* [Records for the task]
Lemma PrW_ge0 i y beta : 0 <= PrW p adv i y beta.
Proof. by apply: sumr_ge0 => x _; apply: prodp_ge0. Qed.

Lemma prodp_le_PrW i x : prodp p x <= PrW p adv i x (adv x).
Proof.
rewrite /PrW (bigD1 x) ?Wevent_cell_refl //= lerDl.
by apply: sumr_ge0 => ? _; apply: prodp_ge0.
Qed.

Lemma PrW_gt0 i x : 0 < prodp p x -> 0 < PrW p adv i x (adv x).
Proof. by move=> Px; apply: lt_le_trans Px (prodp_le_PrW i x). Qed.

(* Tower property of conditional expectation over the cells of [W_i]. *)
Lemma sum_cell_average i (H : Input I -> Input I -> R) :
  (forall x x', cell i x x' -> H x x' = H x' x') ->
  \sum_x prodp p x * ((\sum_(x' | cell i x x') prodp p x' * H x x') / PrW p adv i x (adv x))
  = \sum_x prodp p x * H x x.
Proof.
move=> Hcell; set P := prodp p.
transitivity (\sum_x \sum_(x' | cell i x x') P x' * H x' x' / PrW p adv i x' (adv x') * P x).
  apply: eq_bigr => x _; rewrite mulr_suml mulrC mulr_suml; apply: eq_bigr => x' cx.
  by rewrite Hcell // (PrW_cell cx) mulrAC.
rewrite (exchange_big_dep xpredT) //=; apply: eq_bigr => x' _.
rewrite (eq_bigl _ _ (fun x => Wevent_cellC i x x')) -mulr_sumr.
have [Pz|Pnz] := eqVneq (P x') 0; first by rewrite Pz !mul0r.
by rewrite mulfVK // gt_eqF // PrW_gt0 // lt_def Pnz prodp_ge0.
Qed.

Lemma condp_cell {i x x'} z :
  cell i x x' -> condp p adv i x' (adv x') z = condp p adv i x (adv x) z.
Proof.
move=> cx; rewrite /condp (PrW_cell cx); congr (_ / _).
by apply: eq_bigl => x''; rewrite (Wevent_cellE cx).
Qed.

Lemma KL_condp_ge0 i y beta : 0 <= KL (condp p adv i y beta) (p i).
Proof.
have [Wz|Wnz] := eqVneq (PrW p adv i y beta) 0.
  by rewrite /KL big1 // => z _; rewrite /condp Wz invr0 mulr0 eqxx.
have Wpos : 0 < PrW p adv i y beta by rewrite lt_def Wnz PrW_ge0.
case: p_distr => p0 p1; apply: KL_ge0 => [z||||z].
- by apply: divr_ge0 (ltW Wpos); apply: sumr_ge0 => x _; apply: prodp_ge0.
- exact: p0.
- by rewrite /condp -mulr_suml -(partition_big (fun x => x i) xpredT) // divff.
- by rewrite p1.
move=> cz; rewrite lt_def p0 andbT; apply: contraTneq cz => pz.
rewrite /condp big1 ?mul0r ?ltxx // => x /andP[_ /eqP xz].
by rewrite /prodp (bigD1 i) //= xz pz mul0r.
Qed.

Lemma KL_condpE i y beta :
  KL (condp p adv i y beta) (p i) =
  (\sum_(x | Wevent adv i y beta x) prodp p x * log2 (condp p adv i y beta (x i) / p i (x i)))
    / PrW p adv i y beta.
Proof.
rewrite /KL (eq_bigr (fun z => condp p adv i y beta z * log2 (condp p adv i y beta z / p i z))).
  rewrite (partition_big (fun x => x i) xpredT) // mulr_suml; apply: eq_bigr => z _.
  rewrite /condp mulrAC mulr_suml; congr (_ / _).
  by apply: eq_bigr => x /andP[_ /eqP ->].
by move=> z _; case: eqP => // ->; rewrite mul0r.
Qed.

Definition mutual_info i : R :=
  \sum_x prodp p x * KL (condp p adv i x (adv x)) (p i).

Lemma mutual_info_ge0 i : 0 <= mutual_info i.
Proof. by apply: sumr_ge0 => x _; rewrite mulr_ge0 ?prodp_ge0 ?KL_condp_ge0. Qed.

Lemma mutual_infoE i :
  mutual_info i = \sum_x prodp p x * log2 (condp p adv i x (adv x) (x i) / p i (x i)).
Proof.
rewrite /mutual_info; under eq_bigr do rewrite KL_condpE.
by apply: sum_cell_average => x x' cx; rewrite (condp_cell _ cx).
Qed.

Lemma convex_mutual_info_le_cost (f : R -> R) (cost : Input I -> R) i :
  convex_nonneg f ->
  (forall y beta, 0 < PrW p adv i y beta ->
     f (KL (condp p adv i y beta) (p i)) <= condE p adv cost i y beta) ->
  f (mutual_info i) <= \sum_x prodp p x * cost x.
Proof.
move=> fconv cell_bound.
have := @jensen _ _ f (prodp p) _ (index_enum (Input I)) fconv prodp_ge0
  (fun x => KL_condp_ge0 i x (adv x)).
rewrite sum_prodp_eq1 ltr01 mul1r divr1 => /(_ isT) /le_trans; apply.
rewrite -(sum_cell_average i (fun _ x' => cost x')) //; apply: ler_sum => x _.
have [Pz|Pnz] := eqVneq (prodp p x) 0; first by rewrite Pz !mul0r.
have Px : 0 < prodp p x by rewrite lt_def Pnz prodp_ge0.
by rewrite ler_pM2l // cell_bound // PrW_gt0.
Qed.

(* [PrPrefix k x] is [Pr[X_j = x_j for all j < k, B = adv x]]; it equals [PrW] at [k = i]. *)
Definition PrPrefix (k : nat) x : R :=
  \sum_(x' : Input I | [forall j : 'I_r, (j < k)%N ==> (x' j == x j)] && (adv x' == adv x))
    prodp p x'.

Lemma prodp_le_PrPrefix k x : prodp p x <= PrPrefix k x.
Proof.
rewrite /PrPrefix (bigD1 x) /=; last by rewrite eqxx andbT; apply/forallP => j; apply/implyP.
by rewrite lerDl; apply: sumr_ge0 => ? _; apply: prodp_ge0.
Qed.

Lemma PrPrefix_r x : PrPrefix r x = prodp p x.
Proof.
rewrite /PrPrefix (eq_bigl (pred1 x)) ?big_pred1_eq // => x' /=.
apply/andP/eqP => [[/forallP same _]|->]; last by split=> //; apply/forallP => j; apply/implyP.
by apply/ffunP => j; apply/eqP; apply: (implyP (same j)).
Qed.

Lemma PrPrefix0 x : PrPrefix 0 x = \sum_(x' | adv x' == adv x) prodp p x'.
Proof. by apply: eq_bigl => x'; rewrite (_ : [forall j, _] = true) //; apply/forallP. Qed.

Lemma condp_PrPrefix i x :
  condp p adv i x (adv x) (x i) = PrPrefix i.+1 x / PrPrefix i x.
Proof.
congr (_ / _); apply: eq_bigl => x'; rewrite /Wevent andbAC; congr (_ && _).
apply/andP/forallP => [[/forallP lt_i xi] j|le_i].
  by apply/implyP; rewrite ltnS leq_eqVlt => /orP[/eqP/val_inj->|/(implyP (lt_i j))].
split; last by apply: implyP (le_i i) _.
by apply/forallP => j; apply/implyP => ji; apply: (implyP (le_i j)); apply: ltnW.
Qed.

(* Chain rule: the log-ratios telescope, leaving only the surprisal of the advice. *)
Lemma sum_log2_condp x : 0 < prodp p x ->
  \sum_i log2 (condp p adv i x (adv x) (x i) / p i (x i)) = - log2 (PrPrefix 0 x).
Proof.
move=> Px; have Qx k : 0 < PrPrefix k x := lt_le_trans Px (prodp_le_PrPrefix k x).
have px i : 0 < p i (x i) := prodp_gt0_factor x i Px.
under eq_bigr => i _.
  rewrite condp_PrPrefix log2_div ?divr_gt0 // log2_div //.
over.
rewrite sumrB -(big_mkord xpredT (fun k => log2 (PrPrefix k.+1 x) - log2 (PrPrefix k x))).
rewrite telescope_sumr // PrPrefix_r -log2_prod //; lra.
Qed.

Lemma advice_entropy_le : \sum_x prodp p x * - log2 (PrPrefix 0 x) <= b%:R.
Proof.
pose q (beta : b.-tuple bool) := \sum_(x | adv x == beta) prodp p x.
have -> : \sum_x prodp p x * - log2 (PrPrefix 0 x) = \sum_beta q beta * - log2 (q beta).
  rewrite (partition_big adv xpredT) //; apply: eq_bigr => beta _.
  by rewrite /q mulr_suml; apply: eq_bigr => x /eqP adv_x; rewrite PrPrefix0 adv_x.
have q1 : \sum_beta q beta = 1 by rewrite -sum_prodp_eq1 (partition_big adv xpredT).
have q0 beta : 0 <= q beta by apply: sumr_ge0 => x _; apply: prodp_ge0.
apply: le_trans (@entropy_le_log_card _ _ q q0 q1) _.
by rewrite card_tuple card_bool natrX log2_exp2.
Qed.

Lemma sum_mutual_info_le : \sum_i mutual_info i <= b%:R.
Proof.
under eq_bigr do rewrite mutual_infoE.
rewrite exchange_big /=; apply: le_trans advice_entropy_le; apply/ler_sum => x _.
have [->|Pnz] := eqVneq (prodp p x) 0; first by rewrite mul0r big1 // => i _; rewrite mul0r.
by rewrite -mulr_sumr sum_log2_condp // lt_def Pnz prodp_ge0.
Qed.

End RoundModel.

Theorem theorem7 (R : realType) (r : nat) (I : 'I_r -> finType) (b : nat)
    (p : forall i : 'I_r, I i -> R)
    (adv : Input I -> b.-tuple bool)
    (cost : 'I_r -> Input I -> R)
    (f : R -> R) :
  (0 < r)%N ->
  is_round_distr p ->
  (forall i x, 0 <= cost i x) ->
  (forall x y t, 0 <= x -> 0 <= y -> 0 <= t <= 1 ->
     f (t * x + (1 - t) * y) <= t * f x + (1 - t) * f y) ->
  (forall x y, 0 <= x -> x <= y -> f y <= f x) ->
  (forall (i : 'I_r) (y : Input I) (beta : b.-tuple bool),
     0 < PrW p adv i y beta ->
     f (KL (condp p adv i y beta) (p i)) <= condE p adv (cost i) i y beta) ->
  r%:R * f (b%:R / r%:R) <= Ecost p cost.
Proof.
(* the costs need not be nonnegative *)
move=> r_gt0 p_distr _ f_convex f_decr cell_bound.
have r_pos : (0 : R) < r%:R by rewrite ltr0n.
have EcostE : Ecost p cost = \sum_i \sum_x prodp p x * cost i x.
  by rewrite /Ecost -exchange_big; apply: eq_bigr => x _; rewrite mulr_sumr.
have info_le_b : \sum_i mutual_info p adv i <= b%:R := sum_mutual_info_le _ p_distr adv.
have info_ge0 i : 0 <= mutual_info p adv i := mutual_info_ge0 _ p_distr adv i.
apply: (@le_trans _ _ (r%:R * f ((\sum_i mutual_info p adv i) / r%:R))).
  by rewrite ler_pM2l // f_decr // ?ler_pM2r ?invr_gt0 // divr_ge0 ?sumr_ge0 ?ltW.
apply: le_trans (jensen_mean f_convex r_gt0 info_ge0) _.
rewrite EcostE; apply: ler_sum => i _.
exact: (convex_mutual_info_le_cost _ p_distr adv _ _ _ f_convex (cell_bound i)).
Qed.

* [Assignment]
Starting at the first line of the listing, retype every line up to and including the one with "Lemma sum_cell_average i".

* [Reply to the task]
Lemma PrW_ge0 i y beta : 0 <= PrW p adv i y beta.
Proof. by apply: sumr_ge0 => x _; apply: prodp_ge0. Qed.

Lemma prodp_le_PrW i x : prodp p x <= PrW p adv i x (adv x).
Proof.
rewrite /PrW (bigD1 x) ?Wevent_cell_refl //= lerDl.
by apply: sumr_ge0 => ? _; apply: prodp_ge0.
Qed.

Lemma PrW_gt0 i x : 0 < prodp p x -> 0 < PrW p adv i x (adv x).
Proof. by move=> Px; apply: lt_le_trans Px (prodp_le_PrW i x). Qed.

(* Tower property of conditional expectation over the cells of [W_i]. *)
Lemma sum_cell_average i (H : Input I -> Input I -> R) :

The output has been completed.